Yazamıyor. Şuna bakın. Bir ucube. Bir de Kamu Yönetimi okumuş. Daha kendini yönetmekten aciz. Saçı sakalı birbirine girmiş. Mütebessim. Ama iyiliğinden mi? Mutlu olduğundan mı? Siz onu bir de evinde, doğal ortamında görün. Somurtkan, telefondan başını kaldırmayan, sürekli “Yapılacaklar”, “Gündemler”, “Hedefler”, “Olmazsa Olmazlar” gibi aptal saptal başlıklarla listeler hazırlayan, yarım yamalak yaptıklarını, yapma ihtimali olanları, -mış gibi tamamladıklarını kıpkırmızı bir kalemle çizip kendini avutan, kendini kandıran, kendini intihar eden… Evet, arada anlatım bozukluğu da yapan bir Bay Hiçkimse. Yazamıyormuş son günlerde. Laf! Beyimizin daha büyük dertleri var, farkında değil. Kilolar almış başını yürümüş. Parasını önceden ödediği spor salonunun yolunu unutmuş. Sigarayı bir pakete çıkarmış. Küllük kokulu, dirlik düzen yoksunu, tek başına bir adam. Kolsuz kapı, camsız pencere, resimsiz tablo, çerçevesiz fotoğraf. Yemek olsa yavan, içmek olsa… Ne yalan söyleyeyim, içmek olsa şalgam suyu… İçi, suyu çekilmiş eski bir kuyu. Karanlık. Kovası yok. Hoş, olsa da suyu yok.
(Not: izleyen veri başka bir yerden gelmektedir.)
(* If $G$ is a $K_t$-minor-free graph of diameter $d$ and order $n$, with a resolving set of size $k$, then $n\leq (dk+1)^{t-1}+1$.
   Context: A set $R$ of vertices of a graph $G$ is a resolving set if for each pair $u,v$ of distinct vertices there is $x\in R$ with $d(x,u)\neq d(x,v)$. A graph is $K_t$-minor-free if the complete graph $K_t$ is not a minor of it. *)

From mathcomp Require Import all_boot.
Set Implicit Arguments. Unset Strict Implicit. Unset Printing Implicit Defensive.

Section Graph.
Variables (T : finType) (e : rel T).

Definition simple_graph : Prop := symmetric e /\ irreflexive e.

Definition connected_graph : Prop := forall x y : T, connect e x y.

Definition walk_of_len (k : nat) (x y : T) : bool :=
  [exists p : k.-tuple T, path e x p && (last x p == y)].

(* graph distance d(x,y): length of a shortest x-y path (meaningful when
   G is connected; a shortest path has fewer than #|T| edges) *)
Definition dist (x y : T) : nat :=
  find (fun k => walk_of_len k x y) (iota 0 #|T|).

Definition has_diameter (d : nat) : Prop :=
  connected_graph /\ (forall x y, dist x y <= d) /\ (exists x y, dist x y = d).

Definition resolving (R : {set T}) : Prop :=
  forall u v : T, u != v -> exists2 x, x \in R & dist x u != dist x v.

Definition induced (B : {set T}) : rel T :=
  [rel a b | [&& a \in B, b \in B & e a b]].

Definition has_Kt_minor (t : nat) : Prop :=
  exists B : 'I_t -> {set T},
    [/\ forall i, B i != set0,
        forall i, forall x y, x \in B i -> y \in B i -> connect (induced (B i)) x y,
        forall i j, i != j -> [disjoint B i & B j] &
        forall i j, i != j -> exists x y, [/\ x \in B i, y \in B j & e x y]].

End Graph.

From mathcomp Require Import all_boot zify.
Set Implicit Arguments. Unset Strict Implicit. Unset Printing Implicit Defensive.

(* Encode a vertex v by its pattern {(x, i) in R x [0, d) | d(x, v) <= i}, a
   subset of a set of size dk; since R is resolving, distinct vertices have
   distinct patterns, so by Pajor's lemma the patterns shatter at least n sets.
   If they shattered t pairs (c_1, r_1), ..., (c_t, r_t), any two of the balls
   B(c_i, r_i) would share a vertex lying in no other ball, and the Voronoi
   cells of the centres for the "distance" d(c_i, y) - r_i would be connected,
   pairwise adjacent branch sets of a K_t minor.  So every shattered set has
   fewer than t elements, and there are at most (dk + 1)^(t - 1) of them. *)

Section Distance.
Variables (T : finType) (e : rel T).
Implicit Types (x y z : T) (k : nat).

Lemma dist_le_walk k x y : walk_of_len e k x y -> dist e x y <= k.
Proof.
move=> wk; rewrite /dist; set P := fun k => walk_of_len e k x y.
have size_find := find_size P (iota 0 #|T|); rewrite size_iota in size_find.
rewrite leqNgt; apply/negP => lt_k_find.
have k_lt_T : k < #|T| by apply: leq_trans lt_k_find size_find.
by have := before_find 0 lt_k_find; rewrite nth_iota // add0n /P wk.
Qed.

Lemma walk_of_len_cat m n x y z :
  walk_of_len e m x y -> walk_of_len e n y z -> walk_of_len e (m + n) x z.
Proof.
move=> /existsP[p /andP[p_path /eqP p_last]] /existsP[q /andP[q_path /eqP q_last]].
apply/existsP; exists [tuple of p ++ q].
by rewrite cat_path p_path /= last_cat p_last q_path q_last eqxx.
Qed.

Lemma walk_of_len1 x y : e x y -> walk_of_len e 1 x y.
Proof. by move=> exy; apply/existsP; exists [tuple y] => /=; rewrite exy eqxx. Qed.

Lemma walk_of_len0 x : walk_of_len e 0 x x.
Proof. by apply/existsP; exists [tuple] => /=. Qed.

Lemma walk_of_len0_eq x y : walk_of_len e 0 x y -> x = y.
Proof. by move=> /existsP[p]; rewrite tuple0 /= => /eqP. Qed.

Lemma walk_of_lenS k x y :
  walk_of_len e k.+1 x y -> exists2 y', walk_of_len e k x y' & e y' y.
Proof.
move=> /existsP[[s size_s]] /=; move: size_s; case/lastP: s => [|q z] //.
rewrite size_rcons eqSS rcons_path last_rcons => size_q /andP[/andP[q_path eqz] /eqP <-].
exists (last x q) => //; apply/existsP; exists (Tuple size_q) => /=.
by rewrite q_path eqxx.
Qed.

Lemma walk_of_len_connect k x y : walk_of_len e k x y -> connect e x y.
Proof. by move=> /existsP[p /andP[p_path /eqP <-]]; apply/connectP; exists p. Qed.

Lemma dist_walk x y : connect e x y -> walk_of_len e (dist e x y) x y.
Proof.
move=> /connectP[p p_path ->]; case: (shortenP p_path) => q q_path q_uniq _.
have size_q : size q < #|T|.
  by move/card_uniqP: q_uniq => /= <-; exact: max_card.
set P := fun k => walk_of_len e k x (last x q).
have has_P : has P (iota 0 #|T|).
  apply/hasP; exists (size q); first by rewrite mem_iota.
  by apply/existsP; exists (Tuple (eqxx (size q))) => /=; rewrite q_path eqxx.
have := has_P; rewrite has_find size_iota => find_lt.
by have := nth_find 0 has_P; rewrite nth_iota ?add0n.
Qed.

Lemma dist_triangle x y z :
  connect e x y -> connect e y z -> dist e x z <= dist e x y + dist e y z.
Proof.
by move=> cxy cyz; apply/dist_le_walk/walk_of_len_cat; apply: dist_walk.
Qed.

Lemma dist_edge x y z : connect e x y -> e y z -> dist e x z <= dist e x y + 1.
Proof.
by move=> cxy eyz; apply/dist_le_walk/walk_of_len_cat/walk_of_len1/eyz/dist_walk.
Qed.

Lemma distxx x : dist e x x = 0.
Proof. by apply/eqP; rewrite -leqn0; apply/dist_le_walk/walk_of_len0. Qed.

Lemma dist0_eq x y : connect e x y -> dist e x y = 0 -> x = y.
Proof. by move=> cxy dxy0; have := dist_walk cxy; rewrite dxy0 => /walk_of_len0_eq. Qed.

Lemma dist_predecessor x y n :
  connect e x y -> dist e x y = n.+1 -> exists2 y', dist e x y' = n & e y' y.
Proof.
move=> cxy dxy; have := dist_walk cxy; rewrite dxy => /walk_of_lenS[y' wy' ey'y].
exists y' => //; apply/eqP; rewrite eqn_leq dist_le_walk //=.
by have := dist_edge (walk_of_len_connect wy') ey'y; rewrite dxy addn1 ltnS.
Qed.

End Distance.

Lemma leq_mulD_lex t a b x y : a < t -> b < t ->
  (x * t + a <= y * t + b) = (x < y) || ((x == y) && (a <= b)).
Proof.
move=> a_lt b_lt; case: (ltngtP x y) => [lt_xy | lt_yx | ->] /=.
- have : x.+1 * t <= y * t by rewrite leq_mul2r lt_xy orbT.
  by rewrite mulSn; lia.
- have : y.+1 * t <= x * t by rewrite leq_mul2r lt_yx orbT.
  by rewrite mulSn; lia.
- by rewrite leq_add2l.
Qed.

Section BallMinor.
Variables (T : finType) (e : rel T).
Hypotheses (e_sym : symmetric e) (e_conn : connected_graph e).
Variables (t M : nat) (c : 'I_t -> T) (r : 'I_t -> nat).
Hypothesis r_le : forall l, r l <= M.

(* [excess l y] is d(c_l, y) - r_l shifted by M to stay in nat; [cell i] is
   the Voronoi region of index i for this excess, ties going to the smaller
   index, which [key] encodes lexicographically. *)
Definition excess l y := dist e (c l) y + (M - r l).
Definition key l y := excess l y * t + l.
Definition cell i := [set y | [forall l, key i y <= key l y]].

Lemma key_leq i l y : (key i y <= key l y) =
  (excess i y < excess l y) || ((excess i y == excess l y) && (i <= l)).
Proof. exact: leq_mulD_lex. Qed.

Lemma cell_key_leq i l y : y \in cell i -> key i y <= key l y.
Proof. by rewrite inE => /forallP. Qed.

Lemma cell_excess_leq i l y : y \in cell i -> excess i y <= excess l y.
Proof.
by move/(cell_key_leq l); rewrite key_leq => /orP[/ltnW | /andP[/eqP -> _]].
Qed.

Lemma mem_cell_inj i j y : y \in cell i -> y \in cell j -> i = j.
Proof.
move=> /(cell_key_leq j) + /(cell_key_leq i); rewrite !key_leq => ? ?.
by apply: val_inj => /=; lia.
Qed.

Lemma cell_cover (i0 : 'I_t) y : exists i, y \in cell i.
Proof.
have [i _ key_min] := @arg_minnP _ i0 xpredT (key^~ y) erefl.
by exists i; rewrite inE; apply/forallP => l; apply: key_min.
Qed.

Lemma excess_edge l y y' : e y' y -> excess l y <= (excess l y').+1.
Proof.
by move=> ey'y; have := dist_edge (e_conn (c l) y') ey'y; rewrite /excess; lia.
Qed.

Lemma cell_predecessor i y n : y \in cell i -> dist e (c i) y = n.+1 ->
  exists2 y', y' \in cell i /\ dist e (c i) y' = n & e y' y.
Proof.
move=> y_i dy; have [y' dy' ey'y] := dist_predecessor (e_conn (c i) y) dy.
have ex_i : (excess i y').+1 = excess i y by rewrite /excess dy dy'.
exists y' => //; split => //; rewrite inE; apply/forallP => l.
have := cell_key_leq l y_i; have := excess_edge l ey'y.
by rewrite !key_leq -ex_i; lia.
Qed.

Lemma cell_connect i y : y \in cell i -> connect (induced e (cell i)) (c i) y.
Proof.
move: {2}(dist e (c i) y) (erefl (dist e (c i) y)) => n.
elim: n y => [|n IH] y dy y_i.
  by rewrite (dist0_eq (e_conn _ _) dy) connect0.
have [y' [y'_i dy'] ey'y] := cell_predecessor y_i dy.
apply: connect_trans (IH y' dy' y'_i) (connect1 _).
by rewrite /induced /= y'_i y_i ey'y.
Qed.

Hypothesis balls_separated : forall i j, i != j ->
  exists v, dist e (c i) v <= r i /\ r j < dist e (c j) v.

Lemma center_in_cell i : c i \in cell i.
Proof.
rewrite inE; apply/forallP => l; case: (eqVneq l i) => [-> // | l_neq_i].
rewrite key_leq /excess distxx.
have [v [dv_i dv_l]] : exists v, dist e (c i) v <= r i /\ r l < dist e (c l) v.
  by apply: balls_separated; rewrite eq_sym.
have := dist_triangle (e_conn (c l) (c i)) (e_conn (c i) v).
have := r_le l; have := r_le i; lia.
Qed.

(* Follow a geodesic from y to c_j: the invariant keeps it inside cells i and j,
   and it cannot stay in cell i since c_j lies in cell j. *)
Lemma cells_adjacent_from i j y : i != j -> y \in cell i ->
  (forall l, l != i -> l != j -> excess j y < excess l y) ->
  exists a b, [/\ a \in cell i, b \in cell j & e a b].
Proof.
move=> i_neq_j; move: {2}(dist e (c j) y) (erefl (dist e (c j) y)) => n.
elim: n y => [|n IH] y dy y_i j_best.
  rewrite -(dist0_eq (e_conn _ _) dy) in y_i.
  by rewrite (mem_cell_inj y_i (center_in_cell j)) eqxx in i_neq_j.
have [y' dy' ey'y] := dist_predecessor (e_conn (c j) y) dy.
have ex_j : (excess j y').+1 = excess j y by rewrite /excess dy dy'.
have j_best' l : l != i -> l != j -> excess j y' < excess l y'.
  by move=> li lj; have := j_best l li lj; have := excess_edge l ey'y; lia.
have [o y'_o] := cell_cover i y'.
case: (eqVneq o j) => [o_j | o_neq_j]; first by exists y, y'; rewrite -o_j e_sym.
case: (eqVneq o i) => [o_i | o_neq_i]; first by apply: IH dy' _ j_best'; rewrite -o_i.
by have := cell_excess_leq j y'_o; have := j_best' o o_neq_i o_neq_j; lia.
Qed.

Hypothesis balls_meet_alone : forall i j, i != j -> exists v,
  [/\ dist e (c i) v <= r i, dist e (c j) v <= r j &
      forall l, l != i -> l != j -> r l < dist e (c l) v].

Lemma cells_adjacent i j :
  i != j -> exists a b, [/\ a \in cell i, b \in cell j & e a b].
Proof.
move=> i_neq_j; have [v [dv_i dv_j dv_l]] := balls_meet_alone i_neq_j.
have best k l : l != i -> l != j -> dist e (c k) v <= r k -> excess k v < excess l v.
  move=> li lj dv_k; have := dv_l l li lj; rewrite /excess.
  by have := r_le k; have := r_le l; lia.
have [o v_o] := cell_cover i v.
case: (eqVneq o i) => [o_i | o_neq_i].
  have v_i : v \in cell i by rewrite -o_i.
  by apply: (cells_adjacent_from i_neq_j v_i) => l li lj; apply: best.
case: (eqVneq o j) => [o_j | o_neq_j].
  have v_j : v \in cell j by rewrite -o_j.
  have j_neq_i : j != i by rewrite eq_sym.
  have [b [a [b_j a_i eba]]] := cells_adjacent_from j_neq_i v_j
    (fun l lj li => best i l li lj dv_i).
  by exists a, b; rewrite e_sym.
by have := cell_excess_leq i v_o; have := best i o o_neq_i o_neq_j dv_i; lia.
Qed.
Bakın bakın, nasıl da telaşlı telaşlı koşturuyor iş yerinde. Bir üst kata bir alt kata. Gören de dört başı mamur çalışıyor sanır. Vakit idaresinden anladığı, kendinin dahi farkında olmadığı acınası bir israf. Amaaan, acımayın şu densize. Az bile söylüyorum. O bir keskin sirke. Küpüne zarar. Azar azar eksildiğinden habersiz. Aynaya baktığında kendine boş boş kararlar vermekten başka yaptığı ne var? Sakalları ağarmış, göbeği çıkmış, bir iki pantolonu dışında adamakıllı giyeceği kalmamış. TLC’deki Ağır Yaşamlar Belgeseli’ne aday böyle giderse. Hâlbuki o kanaldaki zengin işi arazi alım satımlarının programlarını izler durur bin bir hayalle. Ve sonra durur, dertlenir yine: “Yazamıyorum!” Hay Allah’ım…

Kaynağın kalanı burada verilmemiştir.